ベアトップのシンプルなウェディングトレスの美しい萌花と、ダークグレーのタキシードが、モデルか?というほど似合う志賀が、大きな窓から真っ青な海が見えるチャペルで、笑って腕を組んでいる写真だった。
『滝さんは、今、幸せですか?俺は、ぼちぼちです』
細いマジックで、そう書かれてある。
「はっ…あんの、ドアホッ…。あん時、俺に一言もなく、勝手にチカに会うたばかりか、ぬけぬけとこんな写真送って来やがって!ほんっま、鈍感のド天然もええとこやのう!ほんで何で今頃なん?すぐ籍入れたんちゃうん」
「うん。籍は、あの後すぐ入れたと思う。10日後くらいに、萌花さんからありがとうございました、ってメール来てたから。そん時に、結局、日本での結婚式はせずに、2人で旅行だけして、写真ウェディングだけ、してきます、って来てた」
「いや、萌花さんは解るで?でも志賀が、なぁ・・・」
「何で?ええやん。そりゃ、送ってくれな。俺、萌花さんも何回か会って、もう、勝手に2人と友達気分やから、結婚したのに挨拶もなかったら、ちょっと気ィ悪いで?」
「もう会いもせんのに?」
「……」
「すまん。意地悪やったな」
千佳史は膨れて頷く。
「な、久しぶりにヤろか、チカ」
「アホか!!それこそ、ほんまアホ」
「ハハッ…アカンかー」
「当たり前じゃハゲ。明日新郎なヤツが何言うとんねん!」
蹴りを入れながら、倉本がモテんで困ってたら、ヤってしまうんやろなぁ…等と考える千佳史である。

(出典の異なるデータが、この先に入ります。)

(* Let $X,Y$ be maximal consistent sets (relative to the axiom system of $\mathbb{PCL}$) and $A,B,C$ formulas. If $A\le_X B$, $B\le_X C$, $X^A\subseteq Y$ and $C\in Y$, then $X^B\subseteq Y$.
   Context: Formulas $\mathcal{L}::=p\mid\bot\mid A\wedge B\mid A\lor B\mid A\to B\mid A>B$. The axiom system of $\mathbb{PCL}$: classical propositional logic, rules (RCEA) from $A\leftrightarrow B$ infer $(A>C)\leftrightarrow(B>C)$, (RCK) from $A\to B$ infer $(C>A)\to(C>B)$, axioms (ID) $A>A$, (R-And) $(A>B)\wedge(A>C)\to(A>(B\wedge C))$, (CM) $(A>B)\wedge(A>C)\to((A\wedge B)>C)$, (OR) $(A>C)\wedge(B>C)\to((A\lor B)>C)$. For a maximal consistent set $X$: $X^B=\{D\mid B>D\in X\}$ and $A\le_X B$ iff $(A\lor B)>A\in X$. *)

From Stdlib Require Import List.
Import ListNotations.

Inductive form : Type :=
| Var  : nat -> form
| Bot  : form
| And  : form -> form -> form
| Or   : form -> form -> form
| Imp  : form -> form -> form
| Cond : form -> form -> form.

Definition Iff (A B : form) : form := And (Imp A B) (Imp B A).

(* Classical propositional valuation: atoms and conditionals (A > B)
   are treated as propositional atoms. *)
Fixpoint peval (v : form -> bool) (A : form) : bool :=
  match A with
  | Var n => v (Var n)
  | Bot => false
  | And A B => andb (peval v A) (peval v B)
  | Or A B => orb (peval v A) (peval v B)
  | Imp A B => orb (negb (peval v A)) (peval v B)
  | Cond A B => v (Cond A B)
  end.

Definition taut (A : form) : Prop := forall v, peval v A = true.

Inductive prv : form -> Prop :=
| P_taut  : forall A, taut A -> prv A
| P_mp    : forall A B, prv (Imp A B) -> prv A -> prv B
| P_RCEA  : forall A B C, prv (Iff A B) -> prv (Iff (Cond A C) (Cond B C))
| P_RCK   : forall A B C, prv (Imp A B) -> prv (Imp (Cond C A) (Cond C B))
| P_ID    : forall A, prv (Cond A A)
| P_RAnd  : forall A B C,
    prv (Imp (And (Cond A B) (Cond A C)) (Cond A (And B C)))
| P_CM    : forall A B C,
    prv (Imp (And (Cond A B) (Cond A C)) (Cond (And A B) C))
| P_OR    : forall A B C,
    prv (Imp (And (Cond A C) (Cond B C)) (Cond (Or A B) C)).

(* derivability from a set of premises (finitely many, via implications) *)
Fixpoint imps (L : list form) (A : form) : form :=
  match L with
  | [] => A
  | B :: L' => Imp B (imps L' A)
  end.

Definition fset := form -> Prop.

Definition deriv (X : fset) (A : form) : Prop :=
  exists L : list form, (forall B, In B L -> X B) /\ prv (imps L A).

Definition consistent (X : fset) : Prop := ~ deriv X Bot.

Definition maximal_consistent (X : fset) : Prop :=
  consistent X /\
  forall A, consistent (fun B => X B \/ B = A) -> X A.

(* X^B = { D | B > D in X } *)
Definition cons_set (X : fset) (B : form) : fset := fun D => X (Cond B D).

(* A <=_X B  iff  (A \/ B) > A in X *)
Definition leX (X : fset) (A B : form) : Prop := X (Cond (Or A B) A).

Definition subset (X Y : fset) : Prop := forall D, X D -> Y D.

(* With E := A \/ B \/ C, the hypotheses A <=_X B <=_X C give E > A.  For
   D in X^B, the hypothesis B <=_X C gives E > (C -> D), and cautious
   monotonicity turns these two conditionals into A > (C -> D).  Hence
   C -> D lies in X^A, so in Y, and C in Y yields D in Y. *)
From Stdlib Require Import List.
Import ListNotations.

Ltac solve_taut := let v := fresh "v" in intro v; simpl;
  repeat match goal with |- context [peval ?w ?a] => destruct (peval w a)
                       | |- context [v ?a] => destruct (v a) end;
  reflexivity.

Lemma peval_imps v L A :
  peval v (imps L A) = true <->
  (Forall (fun B => peval v B = true) L -> peval v A = true).
Proof.
  induction L as [|B L IH]; simpl.
  - split; auto.
  - destruct (peval v B) eqn:E; simpl.
    + rewrite IH. split; intros H.
      * intros HF; inversion HF; auto.
      * intros HF; apply H; constructor; auto.
    + split; auto. intros _ HF; inversion HF; congruence.
Qed.

Section Derivability.
Variable X : fset.

Lemma deriv_prv P : prv P -> deriv X P.
Proof. intros H; exists []; split; [intros B []| exact H]. Qed.

Lemma deriv_in P : X P -> deriv X P.
Proof.
  intros H; exists [P]; split.
  - intros B [<-|[]]; auto.
  - apply P_taut; solve_taut.
Qed.

Lemma deriv_mp P Q : deriv X (Imp P Q) -> deriv X P -> deriv X Q.
Proof.
  intros [L1 [H1 P1]] [L2 [H2 P2]].
  exists (L1 ++ L2); split.
  - intros B HB; apply in_app_or in HB; destruct HB; auto.
  - assert (T : taut (Imp (imps L1 (Imp P Q))
                          (Imp (imps L2 P) (imps (L1 ++ L2) Q)))).
    { intro v; simpl.
      destruct (peval v (imps L1 (Imp P Q))) eqn:E1; simpl; auto.
      destruct (peval v (imps L2 P)) eqn:E2; simpl; auto.
      apply peval_imps; intros HF.
      apply Forall_app in HF as [F1 F2].
      pose proof (proj1 (peval_imps _ _ _) E1 F1) as G1.
      pose proof (proj1 (peval_imps _ _ _) E2 F2) as G2. simpl in G1.
      rewrite G2 in G1; exact G1. }
    eapply P_mp; [eapply P_mp; [apply P_taut; exact T| exact P1]| exact P2].
Qed.

Lemma deriv_imps L Q :
  (forall B, In B L -> deriv X B) -> deriv X (imps L Q) -> deriv X Q.
Proof.
  induction L as [|B L IH]; simpl; auto.
  intros HL HD. apply IH; auto.
  eapply deriv_mp; eauto.
Qed.

End Derivability.

Section MaximalConsistent.
Variable X : fset.
Hypothesis HX : maximal_consistent X.

Lemma mc_deriv P : deriv X P -> X P.
Proof.
  destruct HX as [HC HM]; intros HP. apply HM. intros [L [HL HB]].
  apply HC, (deriv_imps X L Bot).
  - intros B HIn. destruct (HL B HIn) as [HXB| ->]; auto using deriv_in.
  - apply deriv_prv; exact HB.
Qed.

Lemma mc_prv P : prv P -> X P.
Proof. intros H; apply mc_deriv, deriv_prv, H. Qed.

Lemma mc_mp P Q : X (Imp P Q) -> X P -> X Q.
Proof.
  intros HPQ HP; apply mc_deriv.
  eapply deriv_mp; apply deriv_in; eassumption.
Qed.

Lemma mc_and P Q : X P -> X Q -> X (And P Q).
Proof.
  intros HP HQ.
  apply (mc_mp Q); [| exact HQ].
  apply (mc_mp P); [| exact HP].
  apply mc_prv, P_taut; solve_taut.
Qed.

Lemma cond_ID F : X (Cond F F).
Proof. apply mc_prv, P_ID. Qed.

Lemma cond_RW F G G' : X (Cond F G) -> taut (Imp G G') -> X (Cond F G').
Proof. intros H T; eapply mc_mp; [apply mc_prv, P_RCK, P_taut, T| exact H]. Qed.

Lemma cond_LLE F F' G : X (Cond F G) -> taut (Iff F F') -> X (Cond F' G).
Proof.
  intros H T; eapply mc_mp; [| exact H].
  apply mc_prv, (P_mp (Iff (Cond F G) (Cond F' G))); [| apply P_RCEA, P_taut, T].
  apply P_taut; solve_taut.
Qed.

Lemma cond_and F G H : X (Cond F G) -> X (Cond F H) -> X (Cond F (And G H)).
Proof. intros h h'; eapply mc_mp; [apply mc_prv, P_RAnd| apply mc_and; auto]. Qed.

Lemma cond_or F G H : X (Cond F H) -> X (Cond G H) -> X (Cond (Or F G) H).
Proof. intros h h'; eapply mc_mp; [apply mc_prv, P_OR| apply mc_and; auto]. Qed.

Lemma cond_CM F G H : X (Cond F G) -> X (Cond F H) -> X (Cond (And F G) H).
Proof. intros h h'; eapply mc_mp; [apply mc_prv, P_CM| apply mc_and; auto]. Qed.

(* H is equivalent to F \/ (H /\ ~F), and F -> G holds trivially under ~F. *)
Lemma cond_widen F G H :
  X (Cond F G) -> taut (Imp F H) -> X (Cond H (Imp F G)).
Proof.
  intros HFG T.
  assert (HF : X (Cond F (Imp F G))) by (eapply cond_RW; [exact HFG| solve_taut]).
  assert (HnF : X (Cond (And H (Imp F Bot)) (Imp F G)))
    by (eapply cond_RW; [apply cond_ID| solve_taut]).
  eapply cond_LLE; [apply cond_or; [exact HF| exact HnF]|].
  intro v; specialize (T v); simpl in *.
  destruct (peval v F), (peval v H); simpl in *; auto.
Qed.

Lemma cond_CM_restrict E F G :
  X (Cond E F) -> X (Cond E G) -> taut (Imp F E) -> X (Cond F G).
Proof.
  intros hEF hEG T.
  eapply cond_LLE; [apply cond_CM; [exact hEF| exact hEG]|].
  intro v; specialize (T v); simpl in *.
  destruct (peval v E), (peval v F); simpl in *; auto.
Qed.

Lemma leX_or3_cond A B C :
  leX X A B -> leX X B C -> X (Cond (Or (Or A B) C) A).
Proof.
  unfold leX; intros hAB hBC.
  set (E := Or (Or A B) C).
  assert (hAB' : X (Cond E (Or A B))).
  { apply (cond_LLE (Or A (Or B C))); [| unfold E; solve_taut].
    apply cond_or; [apply (cond_RW A A); [apply cond_ID| solve_taut]|].
    apply (cond_RW _ B); [exact hBC| solve_taut]. }
  assert (hABA : X (Cond E (Imp (Or A B) A)))
    by (apply cond_widen; [exact hAB| unfold E; solve_taut]).
  apply (cond_RW _ (And (Or A B) (Imp (Or A B) A))); [| solve_taut].
  apply cond_and; [exact hAB'| exact hABA].
Qed.

Lemma leX_cons_set_imp B C D H :
  leX X B C -> cons_set X B D -> taut (Imp (Or B C) H) ->
  X (Cond H (Imp C D)).
Proof.
  unfold leX, cons_set; intros hBC hBD T.
  assert (hB : X (Cond H (Imp (Or B C) B))) by (apply cond_widen; auto).
  assert (hD : X (Cond H (Imp B D))).
  { apply cond_widen; [exact hBD|].
    intro v; specialize (T v); simpl in *.
    destruct (peval v B), (peval v H); simpl in *; auto. }
  apply (cond_RW _ (And (Imp (Or B C) B) (Imp B D))); [| solve_taut].
  apply cond_and; [exact hB| exact hD].
Qed.

End MaximalConsistent.

Theorem mainTheorem6 (X Y : fset) (A B C : form) :
  maximal_consistent X -> maximal_consistent Y ->
  leX X A B -> leX X B C ->
  subset (cons_set X A) Y -> Y C ->
  subset (cons_set X B) Y.
Proof.
  intros HX HY hAB hBC HS HC D HD.
  set (E := Or (Or A B) C).
  assert (hEA : X (Cond E A)) by exact (leX_or3_cond X HX A B C hAB hBC).
  assert (hECD : X (Cond E (Imp C D)))
    by (apply (leX_cons_set_imp X HX B); [exact hBC| exact HD| unfold E; solve_taut]).
  assert (hACD : X (Cond A (Imp C D)))
    by (apply (cond_CM_restrict X HX E); [exact hEA| exact hECD| unfold E; solve_taut]).
  exact (mc_mp Y HY C D (HS _ hACD) HC).
Qed.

「あ~あ。とうとうこの日が来たなぁー…リクの結婚式かー。楽しみやけど、泣いてまいそー」
「泣いてよ~。泣いてくれへんかったら、俺泣く~」
そう言っていた倉本だったが、友人代表の挨拶で、名前を呼ばれ、マイクの前に立った千佳史が、新郎新婦、並びに、両親、親戚への祝いを口にし、倉本への言葉の始めに、少し間を置き
「リク」
と、呼んだだけで、オイオイ泣き出したのだった。
志賀からも、祝電が届いていた。
区役所職員の結婚式だけに、公職の要人からの祝電が多かった為、志賀の祝電の内容は読まれず
「ここからは、順不同でお名前だけ…」
と司会者がズラズラと名前を読み上げていき、中程で
「志賀篤仁様…」
と言っただけで胸がポッと暖かくなった。